*TASK TO COMPLETE*. Retype, word for word, every line from the one holding "apply: filterS2 trfin" through the one holding "by apply: measurable_funM;" in the entries below, both included, and only those lines.
Top of DATA SHOWN
Lemma linear_density_path_qmd (Q : probability T R) (s : T -> R) :
  (forall x, -1 <= s x) -> sq_int Q s ->
  forall e : R, 0 < e -> \forall t \near 0^'+,
    (\int[Q]_x ((Num.sqrt (1 + clamp01 t * s x) - Num.sqrt (1 + clamp01 0 * s x)
                 - t / 2 * s x * Num.sqrt (1 + clamp01 0 * s x)) ^+ 2)%:E
       <= (e * t ^+ 2)%:E)%E.
Proof.
move=> s_ge hs e e0; have [ms _] := hs.
have /fine_cvgP[trfin trcvg] := trunc_sq_integral_cvg0 hs.
have e4 : 0 < 4 * e by rewrite mulr_gt0.
have [N _ /(_ N (leqnn N)) trN] : \forall n \near \oo,
    (\int[Q]_x (trunc_sq (s x) (harmonic n))%:E < (4 * e)%:E)%E.
  apply: filterS2 trfin (cvgr_lt 0 trcvg _ e4) => n fin lt.
  by rewrite -(fineK fin) lte_fin.
near=> t.
have t0 : 0 < t by near: t; exact: nbhs_right_gt.
have tN : t < harmonic N by near: t; apply: nbhs_right_lt; exact: harmonic_gt0.
have t1 : t <= 1.
  by apply: (le_trans (ltW tN)); rewrite /= invf_le1 ?ltr0Sn // ler1n.
have ts_ge x : -1 <= t * s x.
  by have := s_ge x; case: (leP 0 (s x)) => ?; nra.
rewrite (eq_integral (fun x => ((Num.sqrt (1 + t * s x) - 1 - t * s x / 2) ^+ 2)%:E));
  last first.
  move=> x _; rewrite clamp01_id ?ltW ?t0 // clamp01_id ?lexx ?ler01 //.
  by rewrite mul0r addr0 sqrtr1 mulr1 mulrAC.
have msqrt : measurable_fun setT (fun x => Num.sqrt (1 + t * s x)).
  apply: (measurableT_comp (continuous_measurable_fun (@sqrt_continuous R))).
  by apply: measurable_funD; [exact: measurable_cst|exact: measurable_funM].
have mtr : measurable_fun setT (fun x => (trunc_sq (s x) (harmonic N))%:E).
  apply/measurable_EFinP; apply: measurable_funM; first exact: measurable_funX.
  apply: measurable_minr; first exact: measurable_cst.
  by apply: measurable_funM; [exact: measurable_funX|exact: measurable_cst].
apply: (@le_trans _ _ (\int[Q]_x ((t ^+ 2 / 4)%:E * (trunc_sq (s x) (harmonic N))%:E))%E).
  apply: ge0_le_integral => //.
  - by move=> x _; rewrite lee_fin sqr_ge0.
  - apply/measurable_EFinP; apply: measurable_funX.
    apply: measurable_funB; first by apply: measurable_funB => //; exact: measurable_cst.
    by apply: measurable_funM => //; apply: measurable_funM => //; exact: measurable_cst.
  - exact: measurable_funeM.
  - move=> x _; rewrite -EFinM lee_fin; apply: sqrt1D_taylor_sq_le => //.
    by rewrite ltW //= ltW.
have k0 : 0 <= t ^+ 2 / 4 by rewrite mulr_ge0 // sqr_ge0.
rewrite ge0_integralZl_EFin //; last by move=> x _; rewrite lee_fin trunc_sq_ge0.
apply: (le_trans (lee_wpmul2l _ (ltW trN))); first by rewrite lee_fin.
by rewrite -EFinM lee_fin; lra.
Unshelve. all: by end_near.
Qed.

End LinearDensityPath.

Section MixturePath.
Context {R : realType} {d : measure_display} {T : measurableType d}.
Implicit Types (P Q : probability T R) (M S : set (probability T R)).

Lemma mixture_densityE P Q (r : T -> R) (c : R) :
  (forall x, 0 <= r x) -> measurable_fun setT r ->
  (forall A, measurable A -> P A = (\int[Q]_(x in A) (r x)%:E)%E) ->
  0 <= c <= 1 -> forall A, measurable A ->
  (c%:E * P A + (1 - c)%:E * Q A)%E = (\int[Q]_(x in A) (1 + c * (r x - 1))%:E)%E.
Proof.
move=> r0 mr PE /andP[c0 c1] A mA.
have mrA : measurable_fun A (EFin \o r) by apply: measurable_funTS; exact/measurable_EFinP.
rewrite (eq_integral (fun x => ((1 - c)%:E + c%:E * (r x)%:E)%E)); last first.
  by move=> x _; rewrite -EFinM -EFinD; congr EFin; ring.
have c1' : 0 <= 1 - c by rewrite subr_ge0.
rewrite ge0_integralD //; last 2 first.
- by move=> x _; rewrite mule_ge0 ?lee_fin.
- exact: measurable_funeM.
rewrite integral_cst // ge0_integralZl_EFin //; last by move=> x _; rewrite lee_fin.
by rewrite -PE // addeC.
Qed.

Lemma mixture_regular_submodel M S P Q (r : T -> R) :
  S `<=` M -> convex_laws S -> S P -> S Q ->
  (forall x, 0 <= r x) -> sq_int Q r ->
  (forall A, measurable A -> P A = (\int[Q]_(x in A) (r x)%:E)%E) ->
  exists Pt : R -> probability T R,
    (forall t, S (Pt t)) /\ regular_submodel M Q Pt (fun x => r x - 1).
Proof.
move=> SM Sconv SP SQ r0 hr PE; have [mr _] := hr.
have hs := sq_int_subr_cst 1 hr.
have mix t : exists Qt, S Qt /\ forall A, measurable A ->
    Qt A = ((clamp01 t)%:E * P A + (1 - clamp01 t)%:E * Q A)%E.
  by apply: Sconv => //; rewrite clamp01_ge0 clamp01_le1.
have [Pt Pt_mix] := choice mix.
have clamp01_0 : clamp01 0 = 0 :> R by rewrite clamp01_id // lexx ler01.
exists Pt; split=> [t|]; first by case: (Pt_mix t).
exists 1; split; first exact: ltr01.
split; first by move=> t _; apply: SM; case: (Pt_mix t).
split; first by move=> A mA; case: (Pt_mix 0) => _ ->//; rewrite clamp01_0 mul0e add0e subr0 mul1e.
split=> //.
exists Q, (fun t x => 1 + clamp01 t * (r x - 1)); split.
  move=> t; apply: measurable_funD; first exact: measurable_cst.
  apply: measurable_funM; first exact: measurable_cst.
  by apply: measurable_funB => //; exact: measurable_cst.
split.
  by move=> t x; have := clamp01_ge0 t; have := clamp01_le1 t; have := r0 x; nra.
split; last by apply: linear_density_path_qmd hs => x; have := r0 x; lra.
move=> t _ A mA; case: (Pt_mix t) => _ ->//.
by apply: mixture_densityE => //; rewrite clamp01_ge0 clamp01_le1.
Qed.

End MixturePath.

Section InfluenceCurve.
Context {R : realType} {d : measure_display} {T : measurableType d}.
Implicit Types (P Q : probability T R) (M S : set (probability T R)).

Lemma influence_curve_score_orthogonal k M (theta : probability T R -> 'I_k -> R)
    Q (IC : T -> 'I_k -> R) (Pt : R -> probability T R) (s : T -> R) :
  is_influence_curve M theta Q IC -> regular_submodel M Q Pt s ->
  (forall t, theta (Pt t) = theta Q) ->
  forall i, Ex Q (fun x => IC x i * s x) = 0%E.
Proof.
move=> [_ ICder] reg theta_const i.
have [c [-> c_lim]] := ICder Pt s reg i.
have dtheta0 : (fun t => (theta (Pt t) i - theta Q i) / t) = cst 0.
  by apply/funext => t; rewrite theta_const subrr mul0r.
by rewrite dtheta0 in c_lim; rewrite (cvg_unique _ c_lim (cvg_cst 0)).
Qed.

Lemma influence_curve_mean0_on_section k M (theta : probability T R -> 'I_k -> R)
    Q (IC : T -> 'I_k -> R) S P i :
  is_influence_curve M theta Q IC ->
  S `<=` M -> (forall Q', S Q' -> theta Q' = theta Q) ->
  convex_laws S -> sq_int_likelihood_ratios S -> S P -> S Q ->
  sq_int P (fun x => IC x i) ->
  Ex P (fun x => IC x i) = 0%E.
Proof.
move=> ICQ SM theta_const Sconv Slr SP SQ ICP.
have [r [r0 [hr PE]]] := Slr P Q SP SQ.
have [Pt [SPt reg]] := mixture_regular_submodel SM Sconv SP SQ r0 hr PE.
rewrite (Ex_change_density r0 (sq_int_integrable hr) PE (sq_int_integrable ICP)).
have [ICQ2 ICQ0] := ICQ.1 i.
have <- : Ex Q (fun x => IC x i * (r x - 1)) = 0%E.
  exact: influence_curve_score_orthogonal ICQ reg (fun t => theta_const _ (SPt t)) i.
rewrite /Ex [RHS](eq_integral (fun x => ((IC x i * r x)%:E - (IC x i)%:E)%E)); last first.
  by move=> x _; rewrite -EFinB mulrBr mulr1.
rewrite integralB //; [|exact: sq_int_integrableM|exact: sq_int_integrable].
by move: ICQ0; rewrite /Ex => ->; rewrite sube0.
Qed.

End InfluenceCurve.

Theorem theorem1 (R : realType) (d : measure_display) (T : measurableType d)
    (k : nat) (G1 G2 : Type) (M : set (probability T R))
    (theta : probability T R -> 'I_k -> R)
    (gamma1 : probability T R -> G1) (gamma2 : probability T R -> G2)
    (D : T -> ('I_k -> R) -> G1 -> G2 -> 'I_k -> R) :
  variation_independent M theta gamma1 gamma2 ->
  estimating_function M theta gamma1 gamma2 D ->
  (forall P, M P ->
     is_influence_curve M theta P
       (fun x => D x (theta P) (gamma1 P) (gamma2 P))) ->
  (forall P, M P ->
     convex_laws (section1 M theta gamma1 gamma2 P) /\
     sq_int_likelihood_ratios (section1 M theta gamma1 gamma2 P) /\
     convex_laws (section2 M theta gamma1 gamma2 P) /\
     sq_int_likelihood_ratios (section2 M theta gamma1 gamma2 P)) ->
  doubly_robust M theta gamma1 gamma2 D.
Proof.
move=> VI EF IC CV P MP P'' MP'' i.
have D_sq_int Q : M Q -> sq_int P (fun x => D x (theta Q) (gamma1 Q) (gamma2 Q) i).
  by move=> MQ; exact: (EF P MP).2.2 (theta Q) Q MQ i.
split.
- have [Q [MQ [thQ [g1Q g2Q]]]] := VI P P P'' MP MP MP''.
  rewrite -thQ -g1Q -g2Q.
  have [_ [_ [conv2 lr2]]] := CV Q MQ.
  apply: (influence_curve_mean0_on_section (IC Q MQ) _ _ conv2 lr2) (D_sq_int Q MQ).
  + by move=> ? [].
  + by move=> ? [_ []].
  + by split => //; split.
  + by [].
- have [Q [MQ [thQ [g1Q g2Q]]]] := VI P P'' P MP MP'' MP.
  rewrite -thQ -g1Q -g2Q.
  have [conv1 [lr1 _]] := CV Q MQ.
  apply: (influence_curve_mean0_on_section (IC Q MQ) _ _ conv1 lr1) (D_sq_int Q MQ).
  + by move=> ? [].
  + by move=> ? [_ []].
  + by split => //; split.
  + by [].
Qed.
Bottom of DATA SHOWN
*SOLUTION TO THE EXERCISE*.
  apply: filterS2 trfin (cvgr_lt 0 trcvg _ e4) => n fin lt.
  by rewrite -(fineK fin) lte_fin.
near=> t.
have t0 : 0 < t by near: t; exact: nbhs_right_gt.
have tN : t < harmonic N by near: t; apply: nbhs_right_lt; exact: harmonic_gt0.
have t1 : t <= 1.
  by apply: (le_trans (ltW tN)); rewrite /= invf_le1 ?ltr0Sn // ler1n.
have ts_ge x : -1 <= t * s x.
  by have := s_ge x; case: (leP 0 (s x)) => ?; nra.
rewrite (eq_integral (fun x => ((Num.sqrt (1 + t * s x) - 1 - t * s x / 2) ^+ 2)%:E));
  last first.
  move=> x _; rewrite clamp01_id ?ltW ?t0 // clamp01_id ?lexx ?ler01 //.
  by rewrite mul0r addr0 sqrtr1 mulr1 mulrAC.
have msqrt : measurable_fun setT (fun x => Num.sqrt (1 + t * s x)).
  apply: (measurableT_comp (continuous_measurable_fun (@sqrt_continuous R))).
  by apply: measurable_funD; [exact: measurable_cst|exact: measurable_funM].
have mtr : measurable_fun setT (fun x => (trunc_sq (s x) (harmonic N))%:E).
  apply/measurable_EFinP; apply: measurable_funM; first exact: measurable_funX.
  apply: measurable_minr; first exact: measurable_cst.
  by apply: measurable_funM; [exact: measurable_funX|exact: measurable_cst].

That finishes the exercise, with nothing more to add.